The following piece by ICBA Chief Economist Jock Finlayson first ran in the Calgary Sun on March 4, 2026.
Faced with an erratic U.S. president who demonstrates a fondness for coercive and protectionist trade policies, Prime Minister Mark Carney is determined to lessen Canada’s heavy dependence on the huge American economy. To that end, the prime minister has set goals to double Canada’s non-U.S. exports by 2035 and forge stronger commercial and political ties with countries in Europe and Asia. At the same time, his government is pushing to attract hundreds of billions of dollars of private-sector investment in infrastructure development, the energy and natural resources sector, and other export-focused Canadian industries.
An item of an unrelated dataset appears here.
(* Let $A_1,\dots,A_n,B$ be finite formulae (type expressions with no occurrence of $\mu$). If for every $\mathbf{LA}$-frame $(\mathcal W,\rhd,R)$, every hereditary valuation $\xi$ and every $p\in\mathcal W$, $\models^\xi_p A_i$ for all $i$ implies $\models^\xi_p B$, then $\{A_1,\dots,A_n\}\vdash B$ is derivable in $\mathbf{LA}$.
   Context: Finite formulae are generated by $A::=X\mid A\to A\mid\bullet A$ over a countably infinite set of propositional (type) variables. The formal system $\mathbf{LA}$ derives judgments $\Gamma\vdash A$ ($\Gamma$ a finite set of finite formulae; $\bullet\Gamma=\{\bullet C\mid C\in\Gamma\}$) by the rules: (assump) $\Gamma\cup\{A\}\vdash A$; (nec) from $\Gamma_1\vdash A$ infer $\bullet\Gamma_1\cup\Gamma_2\vdash\bullet A$; (4) from $\Gamma\vdash\bullet A$ infer $\Gamma\vdash\bullet\bullet A$; ($\to$I) from $\Gamma\cup\{A\}\vdash B$ infer $\Gamma\vdash A\to B$; ($\to$E) from $\Gamma_1\vdash A\to B$ and $\Gamma_2\vdash A$ infer $\Gamma_1\cup\Gamma_2\vdash B$; (W) from $\Gamma\vdash\bullet(\bullet A\to A)$ infer $\Gamma\vdash\bullet A$; (approx) from $\Gamma\vdash A$ infer $\Gamma\vdash\bullet A$; (L) from $\Gamma\vdash\bullet A\to\bullet B$ infer $\Gamma\vdash\bullet(A\to B)$. Kripke semantics: an $\mathbf{LA}$-frame is a triple $(\mathcal W,\rhd,R)$ with $\mathcal W$ nonempty, $\rhd$ a binary relation with no infinite chain $p_0\rhd p_1\rhd\cdots$, $R$ reflexive and transitive, such that: $pRq\rhd r$ implies $p\rhd r$; $p\rhd q$ implies $pRq$; and whenever $p\rhd q\,R\,q'$ there is $r$ with $pRr\rhd q'$ such that $r\rhd s$ implies $q'Rs$ for every $s$. A valuation $\xi$ assigns to each variable a map $\mathcal W\to\{\mathbf t,\mathbf f\}$; it is hereditary if $pRq$ and $\xi(X)(p)=\mathbf t$ imply $\xi(X)(q)=\mathbf t$. Forcing for finite formulae: $\models^\xi_p X$ iff $\xi(X)(p)=\mathbf t$; $\models^\xi_p\bullet A$ iff $\models^\xi_q A$ for all $q$ with $p\rhd q$; $\models^\xi_p A\to B$ iff for all $q$ with $pRq$, $\models^\xi_q A$ implies $\models^\xi_q B$. *)

From Stdlib Require Import List.
Import ListNotations.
No one can dispute the desirability of boosting Canada’s economic connections with non-U.S. jurisdictions. The problem is that trade diversification takes time. Even after a full year of Donald Trump’s chaotic tariff war, Canada continues to rely on the U.S. for about three-quarters of our exports; the U.S. is also the biggest source of Canadian imports. These deep trade linkages reflect geographic proximity, a shared language, similar business practices and the regional free-trade architecture that’s evolved in North America over the past four decades.
In recent months, Prime Minister Carney has visited multiple foreign capitals in a bid to expand trade and investment. While this work is important, it risks overlooking key aspects of the domestic policy environment that have hindered investment for many years. Addressing these homegrown impediments to greater prosperity doesn’t involve jetting off to foreign capitals or pursuing new trade agreements; instead, it requires attending to problems in our own backyard.
Two such problems stand out: 1) Canada’s increasingly uncompetitive tax system, which deters private-sector investment and complicates efforts to attract and retain the senior-level business and professional leaders needed to grow our economy; and 2) deficiencies in Canada’s transportation system and supply chain for shipping goods — both exports and imports.
On taxes, many economists recognize Canada has lost its previous business tax advantages relative to the U.S. and some other foreign rivals over the past two decades. The tax burden imposed on new business investment is higher here than in leading competing jurisdictions. In addition, Canada’s high income tax rates on the most productive segments of the work force make it harder to attract and retain top talent. These features of the tax system work against the Carney government’s stated desire to make Canada the best-performing G7 economy and double non-U.S. exports in the next decade.
Equally important is coming to grips with the transportation and other supply chain weaknesses that needlessly increase shipping costs for Canadian businesses, hurt our global reputation as a reliable supplier, and stand in the way of the government’s trade diversification agenda. To take one example, according to a recent World Bank report, three of Canada’s four busiest ports rank in the bottom quartile globally on measures of efficiency. A similar concern was voiced by the National Supply Chain Task Force in its 2022 report, highlighting the economic damage done by frequent work stoppages and labour relations instability along the Canadian supply chain. More recently, Saskatchewan-based potash giant Nutrien’s decision to choose a U.S. location for a new billion-dollar export terminal also speaks poorly of Canada’s supply chain brand.
Tackling these issues may be less appealing than visiting foreign leaders to discuss how to expand trade. But the Carney government’s trade diversification goals will be impossible to meet without a parallel commitment to overhaul domestic policies that undermine Canada’s competitiveness.